I do not – ever – represent Red Hat online. I neither can nor want to speak for them. Also, I was not directly involved in the acquisition. I’m sure my well known opinions about Gluster helped put the idea in people’s heads, and I’m sure I’ll be quite busy helping figure out exactly where to go from here, but it would have been neither appropriate nor useful for me to have been involved in between. Everybody who was involved knew and respected that, as did I, so I was not at all surprised to read about it in public sources first. I’m posting this on my personal site instead of the HekaFS site to underscore the fact that this is my personal, unofficial opinion as someone who is affected by but not responsible for this decision.

OK, enough of that. Personally, then, I am delighted by this. Let’s enumerate some of the things I’ve been feeling and saying about Gluster and GlusterFS since I joined Red Hat and started the CloudFS/HekaFS project.

  • This is an area where open source has needed to make a stronger play vs. proprietary solutions.

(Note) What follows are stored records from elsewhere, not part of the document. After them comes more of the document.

Section UpperExpectation.
Variables (R : realType) (lo hi : R).
Hypotheses (lo_ge0 : 0 <= lo) (lo_le_hi : lo <= hi) (hi_le1 : hi <= 1).

Lemma upper_exp_ge (f : bool -> R) p : lo <= p <= hi ->
  p * f true + (1 - p) * f false <= upper_exp lo hi f.
Proof.
move=> pI; have pI' : p \in `[lo, hi] by rewrite in_itv.
apply: sup_upper_bound; last by exists p.
split; first by exists (p * f true + (1 - p) * f false), p.
have weight_le (q x : R) : 0 <= q <= 1 -> q * x <= `|x|.
  case/andP=> q_ge0 q_le1.
  exact: le_trans (ler_wpM2l q_ge0 (ler_norm x)) (ler_piMl (normr_ge0 x) q_le1).
exists (`|f true| + `|f false|) => _ [p' + <-]; rewrite /= in_itv /= => /andP[lo_p' p'_hi].
have p'_ge0 : 0 <= p' := le_trans lo_ge0 lo_p'.
have p'_le1 : p' <= 1 := le_trans p'_hi hi_le1.
by apply: lerD; apply: weight_le; rewrite ?subr_ge0 ?gerBl p'_ge0 p'_le1.
Qed.

Lemma upper_exp_le_iff (f : bool -> R) c : upper_exp lo hi f <= c <->
  forall p, lo <= p <= hi -> p * f true + (1 - p) * f false <= c.
Proof.
split=> [fc p pI|fc]; first exact: le_trans (upper_exp_ge f pI) fc.
apply: ge_sup.
  by exists (lo * f true + (1 - lo) * f false), lo; rewrite //= in_itv /= lexx.
by move=> _ [p + <-]; rewrite /= in_itv; apply: fc.
Qed.

Lemma supermartingale_step_iff (T : seq bool -> R) s :
  upper_exp lo hi (fun x => T (rcons s x) - T s) <= 0 <->
  forall p, lo <= p <= hi -> p * T (rcons s true) + (1 - p) * T (rcons s false) <= T s.
Proof.
rewrite upper_exp_le_iff; split=> T_step p /T_step; lra.
Qed.

End UpperExpectation.

Section GeneratedProcess.
Variables (R : realType) (D : seq bool -> bool -> R).

Lemma gen_process_nil : gen_process D [::] = 1.
Proof. by rewrite /gen_process big_ord0. Qed.

Lemma gen_process_rcons s x : gen_process D (rcons s x) = gen_process D s * D s x.
Proof.
rewrite /gen_process size_rcons big_ord_recr /= nth_rcons ltnn eqxx.
rewrite -cats1 takel_cat // take_size; congr (_ * _); apply: eq_bigr => k _.
by rewrite nth_cat ltn_ord takel_cat // ltnW.
Qed.

Hypothesis D_ge0 : forall s x, 0 <= D s x.

Lemma gen_process_ge0 s : 0 <= gen_process D s.
Proof. by apply: prodr_ge0 => k _. Qed.

Lemma gen_process_le_expn C s : (forall s x, D s x <= C) -> gen_process D s <= C ^+ size s.
Proof.
move=> D_le; rewrite /gen_process -[in C ^+ _](card_ord (size s)) -prodr_const.
by apply: ler_prod => k _; rewrite D_ge0 D_le.
Qed.

Lemma gen_process_test_supermartingale lo hi : 0 <= lo -> lo <= hi -> hi <= 1 ->
  supermart_multiplier lo hi D -> test_supermartingale lo hi (gen_process D).
Proof.
move=> lo_ge0 lo_le_hi hi_le1 D_mult; split.
- exact: gen_process_ge0.
- exact: gen_process_nil.
move=> s; apply/supermartingale_step_iff => // p pI.
have := le_trans (upper_exp_ge lo_ge0 hi_le1 (D s) pI) (D_mult s).
move/(ler_wpM2l (gen_process_ge0 s)); rewrite !gen_process_rcons; lra.
Qed.

End GeneratedProcess.

Lemma supermart_multiplier_le (R : realType) (lo hi : R) (D : seq bool -> bool -> R) :
  0 < lo -> lo <= hi -> hi < 1 -> (forall s x, 0 <= D s x) ->
  supermart_multiplier lo hi D -> forall s x, D s x <= lo^-1 + (1 - hi)^-1.
Proof.
move=> lo_gt0 lo_le_hi hi_lt1 D_ge0 D_mult s x.
have hi_gap : 0 < 1 - hi by rewrite subr_gt0.
have D_avg_le1 p : lo <= p <= hi -> p * D s true + (1 - p) * D s false <= 1.
  move=> pI; apply: le_trans (D_mult s).
  by apply: upper_exp_ge pI; apply: ltW => //; apply: le_lt_trans hi_lt1.
have D1 : D s true <= lo^-1.
  rewrite -(ler_pM2l lo_gt0) mulfV ?gt_eqF //.
  have := D_avg_le1 lo; have := D_ge0 s false; rewrite lexx lo_le_hi; nra.
have D0 : D s false <= (1 - hi)^-1.
  rewrite -(ler_pM2l hi_gap) mulfV ?gt_eqF //.
  have := D_avg_le1 hi; have := D_ge0 s true; rewrite lexx lo_le_hi; nra.
have [lo_inv hi_inv] : 0 < lo^-1 /\ 0 < (1 - hi)^-1 by rewrite !invr_gt0.
by case: x; lra.
Qed.

Lemma diagonal_sum_leS (F : numDomainType) (a : nat -> nat -> F) n :
  (forall i n, 0 <= a i n) -> (forall i n, a i n <= a i n.+1) ->
  \sum_(i < n) a i n <= \sum_(i < n.+1) a i n.+1.
Proof.
move=> a_ge0 a_leS; rewrite big_ord_recr /= -[leLHS]addr0.
by apply: lerD => //; apply: ler_sum => i _.
Qed.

  • GlusterFS has a strong overall architecture – e.g. leveraging local filesystems, adding modular functionality – for dealing with emerging needs regarding unstructured data, cloud deployment, etc. Sure, there are some parts of the implementation that I think could improve, but I’d rather build on a strong base than have to rip out and throw away stuff built on a weak one.

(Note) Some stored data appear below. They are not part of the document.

(* Let $S$ be a field and $X,Y\in\mathbb{M}_2(S)$ with determinants $\delta,\delta'$ and supertraces $\tau=\operatorname{str}(X)$, $\tau'=\operatorname{str}(Y)$. Then $[X,Y]\notin\mathrm{GL}_2(S)$ if and only if $$\delta\tau'^2+\delta'\tau^2+\operatorname{tr}(XY)\,\tau'\tau=\operatorname{str}(XY)\operatorname{str}(YX).$$ Moreover, $X$ is a scalar matrix if and only if this equation holds for all $Y\in\mathbb{M}_2(S)$.
   Context: $[X,Y]=XY-YX$. For $M=(m_{ij})\in\mathbb{M}_2(S)$, the supertrace is $\operatorname{str}(M)=m_{11}-m_{22}$. *)

From HB Require Import structures.
From mathcomp Require Import all_boot all_order all_algebra.
Set Implicit Arguments. Unset Strict Implicit. Unset Printing Implicit Defensive.
Import GRing.Theory.
Local Open Scope ring_scope.

Definition str (S : ringType) (M : 'M[S]_2) : S := M ord0 ord0 - M ord_max ord_max.

Definition commx (S : ringType) (X Y : 'M[S]_2) : 'M[S]_2 := X *m Y - Y *m X.

From HB Require Import structures.
From mathcomp Require Import all_boot all_order all_algebra ring.
Import GRing.Theory.
Local Open Scope ring_scope.

(** Expanding in the eight entries of [X] and [Y], the left-hand side minus
    the right-hand side of the equation is exactly [- det [X, Y]]; over a
    field this gives the first equivalence.  A scalar [X] commutes with every
    [Y].  Conversely, testing [Y = E_12], [E_21] and [E_12 + E_21] gives
    [det [X, Y] = - x_21^2], [- x_12^2] and [(x_11 - x_22)^2 - (x_12 - x_21)^2],
    which all vanish only if [X] is diagonal with equal diagonal entries. *)

Section Matrix2.
Variable R : comNzRingType.
Implicit Types A B X Y : 'M[R]_2.

Lemma lift0_ord0 : lift ord0 ord0 = ord_max :> 'I_2.
Proof. exact: val_inj. Qed.

Lemma mulmx2E A B i j :
  (A *m B) i j = A i ord0 * B ord0 j + A i ord_max * B ord_max j.
Proof. by rewrite !mxE !big_ord_recl big_ord0 addr0 lift0_ord0. Qed.

Lemma commxE X Y i j : commx X Y i j = (X *m Y) i j - (Y *m X) i j.
Proof. by rewrite /commx !mxE. Qed.

Lemma mxtrace2 A : \tr A = A ord0 ord0 + A ord_max ord_max.
Proof. by rewrite /mxtrace !big_ord_recl big_ord0 addr0 lift0_ord0. Qed.

Lemma det_mx2 A :
  \det A = A ord0 ord0 * A ord_max ord_max - A ord0 ord_max * A ord_max ord0.
Proof.
rewrite (expand_det_row _ ord0) !big_ord_recl big_ord0 /cofactor !det_mx11.
rewrite !mxE /= expr0 expr1 mul1r mulN1r addr0 mulrN lift0_ord0.
by congr (_ * A _ _ - _ * A _ _); apply: val_inj.
Qed.

Lemma mx2_scalar A :
  A ord0 ord_max = 0 -> A ord_max ord0 = 0 -> A ord0 ord0 = A ord_max ord_max ->
  A = (A ord0 ord0)%:M.
Proof.
move=> A01 A10 A00; apply/matrixP=> -[[|[|//]] i2] [[|[|//]] j2]; rewrite !mxE /=.
- by rewrite mulr1n; congr (A _ _); apply: val_inj.
- by rewrite mulr0n -A01; congr (A _ _); apply: val_inj.
- by rewrite mulr0n -A10; congr (A _ _); apply: val_inj.
- by rewrite mulr1n A00; congr (A _ _); apply: val_inj.
Qed.

Lemma str_identity_subE X Y :
  \det X * str Y ^+ 2 + \det Y * str X ^+ 2 + \tr (X *m Y) * str Y * str X
    - str (X *m Y) * str (Y *m X) = - \det (commx X Y).
Proof. by rewrite !det_mx2 mxtrace2 /str !commxE !mulmx2E; ring. Qed.

Lemma det_commx_eq0_str X Y :
  \det (commx X Y) = 0 <->
  \det X * str Y ^+ 2 + \det Y * str X ^+ 2 + \tr (X *m Y) * str Y * str X
    = str (X *m Y) * str (Y *m X).
Proof.
split=> [det0 | /eqP]; first by apply/eqP; rewrite -subr_eq0 str_identity_subE det0 oppr0.
by rewrite -subr_eq0 str_identity_subE oppr_eq0 => /eqP.
Qed.

Lemma det_commx_delta01 X :
  \det (commx X (delta_mx ord0 ord_max)) = - X ord_max ord0 ^+ 2.
Proof. by rewrite det_mx2 !commxE !mulmx2E !mxE /=; ring. Qed.

Lemma det_commx_delta10 X :
  \det (commx X (delta_mx ord_max ord0)) = - X ord0 ord_max ^+ 2.
Proof. by rewrite det_mx2 !commxE !mulmx2E !mxE /=; ring. Qed.

Lemma det_commx_delta01_10 X :
  \det (commx X (delta_mx ord0 ord_max + delta_mx ord_max ord0)) =
    (X ord0 ord0 - X ord_max ord_max) ^+ 2 - (X ord0 ord_max - X ord_max ord0) ^+ 2.
Proof. by rewrite det_mx2 !commxE !mulmx2E !mxE /=; ring. Qed.

Lemma commx_scalar a Y : commx a%:M Y = 0.
Proof. by rewrite /commx scalar_mxC subrr. Qed.

End Matrix2.

Lemma is_scalar_mx2P (R : idomainType) (X : 'M[R]_2) :
  reflect (forall Y, \det (commx X Y) = 0) (is_scalar_mx X).
Proof.
apply: (iffP idP) => [/is_scalar_mxP[a ->] Y | detC0].
  by rewrite commx_scalar det0.
have sqr_eq0 (x : R) : - x ^+ 2 = 0 -> x = 0 by move/eqP; rewrite oppr_eq0 sqrf_eq0 => /eqP.
have X10 : X ord_max ord0 = 0 by apply: sqr_eq0; rewrite -det_commx_delta01.
have X01 : X ord0 ord_max = 0 by apply: sqr_eq0; rewrite -det_commx_delta10.
have X00 : X ord0 ord0 = X ord_max ord_max.
  apply/eqP; rewrite -subr_eq0 -sqrf_eq0; apply/eqP.
  by have := @det_commx_delta01_10 _ X; rewrite detC0 X01 X10 subrr expr0n subr0.
by apply/is_scalar_mxP; exists (X ord0 ord0); apply: mx2_scalar.
Qed.

Lemma commx_notin_unitmxP (F : fieldType) (X Y : 'M[F]_2) :
  reflect (\det (commx X Y) = 0) (commx X Y \notin unitmx).
Proof. by rewrite unitmxE unitfE negbK; apply: eqP. Qed.

Theorem corollary4p11 (S : fieldType) (X : 'M[S]_2) :
  (forall Y : 'M[S]_2,
     commx X Y \notin unitmx <->
     \det X * str Y ^+ 2 + \det Y * str X ^+ 2 + \tr (X *m Y) * str Y * str X
       = str (X *m Y) * str (Y *m X))
  /\
  (is_scalar_mx X <->
     forall Y : 'M[S]_2,
       \det X * str Y ^+ 2 + \det Y * str X ^+ 2 + \tr (X *m Y) * str Y * str X
         = str (X *m Y) * str (Y *m X)).
Proof.
split=> [Y | ]; first by rewrite -(rwP (commx_notin_unitmxP _ X Y)); exact: det_commx_eq0_str.
rewrite -(rwP (is_scalar_mx2P _ X)).
by split=> [detC0 | str_eq] Y; apply/det_commx_eq0_str.
Qed.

  • The Gluster folks are as committed to open source as Red Hat is. Not only their code but their process is open, and so are their minds. Just think for a moment how open-minded someone must be to listen when I get all opinionated about their work. Despite my abrasive style, they have always listened and responded constructively.
  • Community matters, and the very strong Gluster/FS community has been one of the best parts of my job for the last couple of years.

All of this adds up to a move that somebody in open source had to make, and these were the best two companies to make it. Proprietary Big Storage has defined the field too long. This will make it a lot easier to implement not only my vision for HekaFS, but other visions as well. Scale-out shared-nothing storage that’s easy to configure, easy to tune, easy to monitor, is a powerful tool. It can be used to serve up files – or objects – directly to users, as part of either a traditional or cloud environment. It can be used to serve up the virtual-machine (and other disk) images that are an essential part of cloud computing. It can be used for many other things besides, either as-is or via extension modules. Compression or deduplication, snapshots or versioning, custom access controls, inline format conversions . . . the sky’s the limit. Layering separate functionality on top of dumb blocks/files/objects, each oblivious to the other, is so yesterday, but it’s all that competitors will ever make possible. When people have access to a strong and stable core, plus the ability to tinker with it, much more ambitious visions both within and outside Red Hat become possible. What would you do, if you could build storage that was exactly what you need?